EXERCISE — With the line containing "intros ss pls J qs pl HH Hb Hpl HL Hp0 HLp." as the start and the line containing "- pose proof (Rabs_pos (d1" as the end, transcribe that span of the entries below exactly, including both.

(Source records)
================================
(* Lower bound for S near a point p_j: the transverse form controls the
   direction of y, the tangent form the direction of l_j to second order,
   giving S >= kappa |(x^2, zy)|^2 on a thin cone. *)
Lemma sumsq_lower_at_p : forall ss pls J qs pl, admissible ss pls J -> spans J qs -> In pl pls ->
  snd pl <> pt0 -> fst pl <> pt0 -> dot (snd pl) (fst pl) = 0 ->
  exists kappa eta, 0 < kappa /\ 0 < eta <= 1 /\
    forall w, in_cone eta w ->
      kappa * ((px w ^ 2) ^ 2 + (pz w * py w) ^ 2) <= sumsq qs (mat_apply (chartM (snd pl) (fst pl)) w).
Proof.
  intros ss pls J qs pl HH Hb Hpl HL Hp0 HLp.
  destruct (transverse_form_at_p ss pls J pl HH Hpl HL Hp0 HLp)
    as (q0 & d0 & Hq0 & Hd0 & A00 & A10 & Hal).
  destruct (tangent_form_at_p ss pls J pl HH Hpl HL Hp0 HLp)
    as (q1 & d1 & Hq1 & Hd1 & B00 & B10 & B01 & Hbe).
  set (M := chartM (snd pl) (fst pl)) in *.
  destruct (dominated_by_sumsq J qs q0 Hb Hq0) as [K1 [HK1 Hdom1]].
  destruct (dominated_by_sumsq J qs q1 Hb Hq1) as [K2 [HK2 Hdom2]].
  apply (lower_from_pair (fun w => sumsq qs (mat_apply M w))
           (fun w => q0 (mat_apply M w)) (fun w => q1 (mat_apply M w))
           (fun w => px w ^ 2) (fun w => pz w * py w)
           (d0 2%nat 0%nat) (d0 0%nat 1%nat) (d1 2%nat 0%nat) 0
           (Rabs (d0 0%nat 2%nat) + Rabs (d0 1%nat 1%nat))
           (Rabs (d1 0%nat 2%nat) + Rabs (d1 1%nat 1%nat)) K1 K2);
    auto; try (intros; apply sumsq_nonneg).
  - intro E. assert (d0 0%nat 1%nat * d1 2%nat 0%nat = 0) by lra.
    destruct (Rmult_integral _ _ H); contradiction.
  - pose proof (Rabs_pos (d0 0%nat 2%nat)); pose proof (Rabs_pos (d0 1%nat 1%nat)); lra.
  - pose proof (Rabs_pos (d1 0%nat 2%nat)); pose proof (Rabs_pos (d1 1%nat 1%nat)); lra.
  - intros eta [[x y] z] Heta [Hx Hy]. cbv [px py pz fst snd] in Hx, Hy |- *.
    rewrite Hd0, Hd1, !hom2_exp, A00, A10, B00, B10, B01. split.
    + match goal with |- Rabs ?e <= _ => replace e with
        (d0 1%nat 1%nat * x * y + d0 0%nat 2%nat * y ^ 2) by ring end.
      apply rem_bound_pl; auto.
    + match goal with |- Rabs ?e <= _ => replace e with
        (d1 1%nat 1%nat * x * y + d1 0%nat 2%nat * y ^ 2) by ring end.
      apply rem_bound_pl; auto.
Qed.

(* Near a zero of S, i.e. near some s_i or p_j, the local upper bound for
   f in I_S and the local lower bound for S share the same model function. *)
Lemma local_bound_at_zeros : forall ss pls J qs f t, admissible ss pls J -> spans J qs -> I_S ss pls f ->
  t <> pt0 -> sumsq qs t = 0 ->
  exists d C, 0 < d /\ forall x, near d x t -> Rabs (f x) <= C * sumsq qs x.
Proof.
  intros ss pls J qs f t HH Hb Hf Ht HS0.
  destruct (sumsq_zeros ss pls J qs t HH Hb Ht HS0) as [a [Ha [lam [Hlam Et]]]].
  rewrite Et. pose proof HH as ((Hnz & Hlines & _) & _).
  assert (Ha0 : a <> pt0) by auto.
  unfold all_pts in Ha. apply in_app_or in Ha. destruct Ha as [Ha|Ha].
  - destruct (perp_exists a) as [L [HL HLa]].
    destruct (sumsq_lower_at_s ss pls J qs a L HH Hb Ha HL Ha0 HLa) as [ka [eta [Hka [Heta Hlow]]]].
    destruct (upper_chart_pt ss pls f a L Hf Ha HL Ha0 HLa) as [K [HK Hup]].
    destruct (chart_props L a HL Ha0 HLa) as [HD _].
    eapply (local_bound_from_chart f (sumsq qs) (cross L a) L a
              (fun w => (pz w * px w) ^ 2 + (pz w * py w) ^ 2) ka eta K lam); auto.
    lra.
  - apply in_map_iff in Ha. destruct Ha as [pl [Epl Hpl]]. subst a.
    destruct (Hlines pl Hpl) as [HL HLp]. unfold on_line in HLp.
    destruct (sumsq_lower_at_p ss pls J qs pl HH Hb Hpl HL Ha0 HLp) as [ka [eta [Hka [Heta Hlow]]]].
    destruct (upper_chart_pl ss pls f pl Hf Hpl HL Ha0 HLp) as [K [HK Hup]].
    destruct (chart_props _ _ HL Ha0 HLp) as [HD _].
    eapply (local_bound_from_chart f (sumsq qs) (cross (snd pl) (fst pl)) (snd pl) (fst pl)
              (fun w => (px w ^ 2) ^ 2 + (pz w * py w) ^ 2) ka eta K lam); auto.
    lra.
Qed.

Lemma I_S_dominated : forall ss pls J qs f, admissible ss pls J -> spans J qs -> I_S ss pls f ->
  exists C, 0 <= C /\ forall v, Rabs (f v) <= C * sumsq qs v.
Proof.
  intros ss pls J qs f HH Hb Hf.
  assert (HfH : in_H 4 f) by (destruct Hf; auto).
  assert (HSH : in_H 4 (sumsq qs)) by (eapply sumsq_J_inH; eauto).
  apply global_bound; auto. apply sumsq_nonneg.
  intros t Ht.
  destruct (Rle_lt_dec (sumsq qs t) 0) as [HS|HS].
  - apply (local_bound_at_zeros ss pls J); auto.
    pose proof (sumsq_nonneg qs t); lra.
  - apply local_bound_off_zeros; auto; eapply cont_inH; eauto.
Qed.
================================
RESPONSE TO THIS EXERCISE —
  intros ss pls J qs pl HH Hb Hpl HL Hp0 HLp.
  destruct (transverse_form_at_p ss pls J pl HH Hpl HL Hp0 HLp)
    as (q0 & d0 & Hq0 & Hd0 & A00 & A10 & Hal).
  destruct (tangent_form_at_p ss pls J pl HH Hpl HL Hp0 HLp)
    as (q1 & d1 & Hq1 & Hd1 & B00 & B10 & B01 & Hbe).
  set (M := chartM (snd pl) (fst pl)) in *.
  destruct (dominated_by_sumsq J qs q0 Hb Hq0) as [K1 [HK1 Hdom1]].
  destruct (dominated_by_sumsq J qs q1 Hb Hq1) as [K2 [HK2 Hdom2]].
  apply (lower_from_pair (fun w => sumsq qs (mat_apply M w))
           (fun w => q0 (mat_apply M w)) (fun w => q1 (mat_apply M w))
           (fun w => px w ^ 2) (fun w => pz w * py w)
           (d0 2%nat 0%nat) (d0 0%nat 1%nat) (d1 2%nat 0%nat) 0
           (Rabs (d0 0%nat 2%nat) + Rabs (d0 1%nat 1%nat))
           (Rabs (d1 0%nat 2%nat) + Rabs (d1 1%nat 1%nat)) K1 K2);
    auto; try (intros; apply sumsq_nonneg).
  - intro E. assert (d0 0%nat 1%nat * d1 2%nat 0%nat = 0) by lra.
    destruct (Rmult_integral _ _ H); contradiction.
  - pose proof (Rabs_pos (d0 0%nat 2%nat)); pose proof (Rabs_pos (d0 1%nat 1%nat)); lra.
  - pose proof (Rabs_pos (d1 0%nat 2%nat)); pose proof (Rabs_pos (d1 1%nat 1%nat)); lra.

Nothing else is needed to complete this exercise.